▶ _Your instructions_:
All lines up to and including the one that contains "case: p => ss d bS" are to be transcribed exactly, starting from the first line of the records.

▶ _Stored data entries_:
Lemma has_lead_T_pushD e ss d : has_lead_T (pushD e ss d).1 = has_lead_T ss.
Proof. by case: ss => [|[[] y] r]. Qed.

Lemma reduced_behead_T ss : reduced ss -> reduced (behead_T ss) /\ ~~ has_lead_T (behead_T ss).
Proof.
case: ss => [|[[] y] r] //; rewrite /reduced /alternating /= => /andP[hs /andP[_ hr]].
rewrite hr (path_sorted hs); split=> //.
by case: r hs {hr} => [|[[] y'] r'] //= /andP[].
Qed.

Lemma lead_T_transversal ss : reduced ss -> transversal (lead_T ss).
Proof.
case: ss => [|[[] y] r] // /andP[_ /andP[hy _]].
exact: nontrivial_transversal.
Qed.

Lemma consT_wf y p : transversal y -> pnf_wf p -> ~~ has_lead_T p.1 -> pnf_wf (consT y p).
Proof.
rewrite /consT; case: eqP => [_ //|/eqP y1] yT /andP[/andP[hs ha] hc] hh.
rewrite /pnf_wf /reduced /alternating /= hc ha /nontrivial_rep yT y1 !andbT.
by case: p.1 hs hh => [|[[] y'] r].
Qed.

Lemma actT_wf b p : b \in S5 -> pnf_wf p -> pnf_wf (actT b p).
Proof.
case: p => ss d bS /andP[/= hss hd]; rewrite /actT /=.
have [htl hnl] := reduced_behead_T hss.
have [h1 h2 _] := splitC_spec (mulp_S5 bS (transversal_S5 (lead_T_transversal hss))).
have [hw1 hw2] := pushD_wf h2 htl hd.
by apply: consT_wf; rewrite ?/pnf_wf ?hw1 ?hw2 ?has_lead_T_pushD.
Qed.

Lemma pushD_comp c1 c2 ss d :
  in_C c1 -> in_C c2 -> all (fun u => nontrivial_rep u.2) ss -> in_C d ->
  pushD c1 (pushD c2 ss d).1 (pushD c2 ss d).2 = pushD (mulp c1 c2) ss d.
Proof.
elim: ss c1 c2 => [|u r IH] c1 c2 h1 h2 /=; first by move=> _ hd; rewrite mulpA // in_C_S5.
case/andP=> hu hr hd; have uS := transversal_S5 (nontrivial_transversal hu).
have zS := mulp_S5 (in_C_S5 h2) uS; have [hy he _] := splitC_spec zS.
rewrite mulpA ?in_C_S5 // (splitC_mul (in_C_S5 h1) zS) IH //.
by have [] := splitC_spec (mulp_S5 (in_C_S5 h1) (transversal_S5 hy)).
Qed.

Lemma pushD_id ss d : all (fun u => nontrivial_rep u.2) ss -> in_C d -> pushD id5 ss d = (ss, d).
Proof.
elim: ss => [|u r IH] /=; first by move=> _ /in_C_S5/mul1p_S5->.
case/andP=> hu hr hd; have uT := nontrivial_transversal hu.
by rewrite mul1p_S5 ?transversal_S5 // splitC_transversal //= IH //; case: u hu {uT}.
Qed.

Lemma consT_snd y p : (consT y p).2 = p.2.
Proof. by rewrite /consT; case: ifP. Qed.

Lemma consT_lead y p : ~~ has_lead_T p.1 ->
  lead_T (consT y p).1 = y /\ behead_T (consT y p).1 = p.1.
Proof. by rewrite /consT; case: eqP => [-> |_] //=; case: p.1 => [|[[] ?] ?]. Qed.

Lemma actT_comp a b p : a \in S5 -> b \in S5 -> pnf_wf p -> actT a (actT b p) = actT (mulp a b) p.
Proof.
case: p => ss d aS bS /andP[/= hss hd]; rewrite /actT /=.
have [htl hnl] := reduced_behead_T hss.
have zS := mulp_S5 bS (transversal_S5 (lead_T_transversal hss)).
have [h1 h2 _] := splitC_spec zS.
have hnl' : ~~ has_lead_T (pushD (splitC (mulp b (lead_T ss))).2 (behead_T ss) d).1.
  by rewrite has_lead_T_pushD.
have [-> ->] := consT_lead (splitC (mulp b (lead_T ss))).1 hnl'.
rewrite mulpA // (splitC_mul aS zS) consT_snd.
have [_ h2' _] := splitC_spec (mulp_S5 aS (transversal_S5 h1)).
by rewrite pushD_comp //; case/andP: htl.
Qed.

▶ _Response_:
Lemma has_lead_T_pushD e ss d : has_lead_T (pushD e ss d).1 = has_lead_T ss.
Proof. by case: ss => [|[[] y] r]. Qed.

Lemma reduced_behead_T ss : reduced ss -> reduced (behead_T ss) /\ ~~ has_lead_T (behead_T ss).
Proof.
case: ss => [|[[] y] r] //; rewrite /reduced /alternating /= => /andP[hs /andP[_ hr]].
rewrite hr (path_sorted hs); split=> //.
by case: r hs {hr} => [|[[] y'] r'] //= /andP[].
Qed.

Lemma lead_T_transversal ss : reduced ss -> transversal (lead_T ss).
Proof.
case: ss => [|[[] y] r] // /andP[_ /andP[hy _]].
exact: nontrivial_transversal.
Qed.

Lemma consT_wf y p : transversal y -> pnf_wf p -> ~~ has_lead_T p.1 -> pnf_wf (consT y p).
Proof.
rewrite /consT; case: eqP => [_ //|/eqP y1] yT /andP[/andP[hs ha] hc] hh.
rewrite /pnf_wf /reduced /alternating /= hc ha /nontrivial_rep yT y1 !andbT.
by case: p.1 hs hh => [|[[] y'] r].
Qed.

Lemma actT_wf b p : b \in S5 -> pnf_wf p -> pnf_wf (actT b p).
Proof.
case: p => ss d bS /andP[/= hss hd]; rewrite /actT /=.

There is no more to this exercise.